» **Task statement**
Return, word for word, the line containing "have [F' [HF'" and every line after it through the last line of the records below.

» **Records to process**

Lemma chain_eq_trans X Y Z : chain_eq X Y -> chain_eq Y Z -> chain_eq X Z.
Proof.
case=> a [b E1] [c [d E2]]; exists (c + a), (b + d).
by rewrite -!shift_shift E1 !shift_shift addnC -shift_shift E2 shift_shift.
Qed.

Lemma chain_eq_shift1 X : chain_eq (shift1 X) X. Proof. by exists 0, 1; rewrite shift0. Qed.

Lemma shift_invariant (B : Type) (c : {n & T n} -> B) :
  (forall X, c (shift1 X) = c X) -> forall k X, c (shift k X) = c X.
Proof. by move=> Hc; elim=> [|k IH] X; rewrite ?shift0 // (Hc (shift k X)). Qed.

Lemma chain_eq_invariant (B : Type) (c : {n & T n} -> B) :
  (forall X, c (shift1 X) = c X) -> forall X Y, chain_eq X Y -> c X = c Y.
Proof. by move=> Hc X Y [k [l E]]; rewrite -(shift_invariant Hc k X) E shift_invariant. Qed.

Lemma chain_eq_inj : (forall n, injective (@io n)) ->
  forall n (x y : T n), chain_eq (existT T n x) (existT T n y) -> x = y.
Proof.
move=> io_inj n x y [k [l E]].
have /eqP : k + n = l + n := congr1 (@projT1 _ _) E.
rewrite eqn_add2r => /eqP Ekl; subst l.
move: (inj_pair2_eq_dec nat Nat.eq_dec T _ _ _ E); clear E.
by elim: k => [//|k IH] /= /io_inj.
Qed.

Lemma cls_chain_eq X Y : cls chain_eq X = cls chain_eq Y <-> chain_eq X Y.
Proof. apply: cls_eq; [exact: chain_eq_refl|exact: chain_eq_sym|exact: chain_eq_trans]. Qed.

Lemma cls_shift1 X : cls chain_eq (shift1 X) = cls chain_eq X.
Proof. exact/cls_chain_eq/chain_eq_shift1. Qed.

Lemma invariant_rep_cls (B : Type) (c : {n & T n} -> B) :
  (forall X, c (shift1 X) = c X) -> forall X, c (rep (cls chain_eq X)) = c X.
Proof.
move=> Hc X; apply/esym/(chain_eq_invariant Hc).
apply: rep_cls; [exact: chain_eq_refl|exact: chain_eq_sym|exact: chain_eq_trans].
Qed.
End DirectLimit.

(** * Subdivisions and the chain K_n *)

Ltac case_ord5 := let H := fresh in case=> [[|[|[|[|[|?]]]]] H] //; apply/val_inj.

Lemma succ5K : cancel succ5 pred5. Proof. by case_ord5. Qed.
Lemma pred5K : cancel pred5 succ5. Proof. by case_ord5. Qed.
Lemma pred5_inj : injective pred5. Proof. exact: can_inj pred5K. Qed.
Lemma succ5_neq i : succ5 i <> i. Proof. by move: i; case_ord5. Qed.
Lemma succ5_neq_pred5 i : succ5 i <> pred5 i. Proof. by move: i; case_ord5. Qed.

Lemma rel5_id i : rel5 i i = 0. Proof. by move: i; case_ord5. Qed.
Lemma rel5_succ i : rel5 (succ5 i) i = 1. Proof. by move: i; case_ord5. Qed.
Lemma rel5_succ2 i : rel5 (succ5 (succ5 i)) i = 2. Proof. by move: i; case_ord5. Qed.
Lemma rel5_pred2 i : rel5 (pred5 (pred5 i)) i = 3. Proof. by move: i; case_ord5. Qed.
Lemma rel5_pred i : rel5 i (succ5 i) = 4. Proof. by move: i; case_ord5. Qed.

Definition strict_hom (X Y : pcx) (h : hom X Y) :=
  [/\ forall e, ends (hE h e) = (hV h (ends e).1, hV h (ends e).2),
      forall f i, corner (hF h f) i = hV h (corner f i),
      forall f i, side (hF h f) i = hE h (side f i) &
      forall f i, sdir (hF h f) i = sdir f i].

Definition injective_hom (X Y : pcx) (h : hom X Y) :=
  [/\ injective (hV h), injective (hE h) & injective (hF h)].

Lemma strict_om_map (X Y : pcx) (h : hom X Y) : strict_hom h -> strict_hom (om_map h).
Proof.
case=> He Hc Hs Hd; split.
- by case=> [e [] |f i|f i] /=; rewrite ?He ?Hs.
- by case=> [f|f i] j //=; case: (rel5 j i) => [|[|[|[|?]]]] /=; rewrite ?Hc ?Hs.
- by case=> [f|f i] j //=; case: (rel5 j i) => [|[|[|[|?]]]] /=; rewrite ?Hs ?Hd.
- by case=> [f|f i] j.
Qed.

Lemma injective_om_map (X Y : pcx) (h : hom X Y) :
  injective_hom h -> injective_hom (om_map h).
Proof.
case=> Iv Ie If; split.
- by case=> [a|a|a i] [b|b|b j] //= [] => [/Iv|/Ie|/If] -> //= ->.
- by case=> [a x|a x|a x] [b y|b y|b y] //= [] => [/Ie|/If|/If] -> ->.
- by case=> [a|a x] [b|b y] //= [] => [/If|/If] -> //= ->.
Qed.

Definition loopless (X : pcx) := forall e : edg X, (ends e).1 <> (ends e).2.
Definition two_sided (X : pcx) := forall e : edg X, exists f i g j,
  [/\ side f i = e, side g j = e & (f <> g \/ i <> j)].

Lemma OR_two_sides (X : pcx) (f : fac X) i :
  exists (F G : ofac X) j k, [/\ om_side F j = OR f i, om_side G k = OR f i & F <> G].
Proof.
exists (OZ f), (OP f (succ5 i)), (succ5 i), (succ5 (succ5 (succ5 i))); split=> //=.
  by rewrite succ5K.
by rewrite rel5_succ2 succ5K.
Qed.

Lemma OS_two_sides (X : pcx) (f : fac X) i :
  exists (F G : ofac X) j k, [/\ om_side F j = OS f i, om_side G k = OS f i & F <> G].
Proof.
exists (OP f i), (OP f (succ5 i)), (succ5 i), (pred5 (pred5 (succ5 i))); split=> /=.
- by rewrite rel5_succ.
- by rewrite rel5_pred2 succ5K.
- move=> E; apply: (@succ5_neq i).
  exact: (congr1 (fun F : ofac X => if F is OP _ k then k else i) (esym E)).
Qed.

Lemma OH_side (X : pcx) (f : fac X) i b :
  exists F : ofac X, om_side F i = OH (side f i) b /\ (F = OP f i \/ F = OP f (succ5 i)).
Proof.
case Eb: (b == ~~ sdir f i).
  by exists (OP f i); split; [rewrite /= rel5_id (eqP Eb) | left].
exists (OP f (succ5 i)); split; last by right.
by rewrite /= rel5_pred succ5K; congr OH; case: b (sdir f i) Eb => [] [].
Qed.

Lemma strict_iota n : strict_hom (iota n).
Proof.
elim: n => [|n IH]; last exact: strict_om_map.
by split=> //= e; rewrite pred5K succ5K.
Qed.

Lemma injective_iota n : injective_hom (iota n).
Proof.
elim: n => [|n IH]; last exact: injective_om_map.
split=> [a b E | a b E | [] []] //; apply: pred5_inj.
- exact: (congr1 (fun v : ovtx K0 => if v is OC _ i then i else a) E).
- exact: (congr1 (fun e : oedg K0 => if e is OR _ i then i else a) E).
Qed.

Lemma loopless_Kn n : loopless (Kn n).
Proof.
move=> e; case: n e => [|n] e /=; first by move/esym; apply: succ5_neq.
case: e => [e b|f i|f i] //= E; apply: (@succ5_neq i).
exact: (congr1 (fun v : ovtx (Kn n) => if v is OC _ k then k else i) (esym E)).
Qed.

Lemma two_sided_iota n (x : edg (Kn n)) : exists (F G : fac (Kn n.+1)) i j,
  [/\ side F i = hE (iota n) x, side G j = hE (iota n) x & (F <> G \/ i <> j)].
Proof.
elim: n x => [|n IH] x.
  have [F [G [j [k [E1 E2 E3]]]]] := OR_two_sides (tt : fac K0) (pred5 x).
  by exists F, G, j, k; split; [exact: E1|exact: E2|left].
case: x => [e b|f i|f i].
- have [F [G [i [j [E1 E2 E3]]]]] := IH e.
  have [F' [HF' HF]] := OH_side F i b; have [G' [HG' HG]] := OH_side G j b.
  exists F', G', i, j; split; [by rewrite /= HF' E1 | by rewrite /= HG' E2 |].
  case: E3 => E3; [left => E; apply: E3 | by right].
  by case: HF HG E => -> [] -> [].
- have [F [G [j [k [E1 E2 E3]]]]] := OS_two_sides (hF (iota n) f) i.
  by exists F, G, j, k; split; [exact: E1|exact: E2|left].
- have [F [G [j [k [E1 E2 E3]]]]] := OR_two_sides (hF (iota n) f) i.
  by exists F, G, j, k; split; [exact: E1|exact: E2|left].
Qed.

» **Result below**
  have [F' [HF' HF]] := OH_side F i b; have [G' [HG' HG]] := OH_side G j b.
  exists F', G', i, j; split; [by rewrite /= HF' E1 | by rewrite /= HG' E2 |].
  case: E3 => E3; [left => E; apply: E3 | by right].
  by case: HF HG E => -> [] -> [].
- have [F [G [j [k [E1 E2 E3]]]]] := OS_two_sides (hF (iota n) f) i.
  by exists F, G, j, k; split; [exact: E1|exact: E2|left].
- have [F [G [j [k [E1 E2 E3]]]]] := OR_two_sides (hF (iota n) f) i.
  by exists F, G, j, k; split; [exact: E1|exact: E2|left].
Qed.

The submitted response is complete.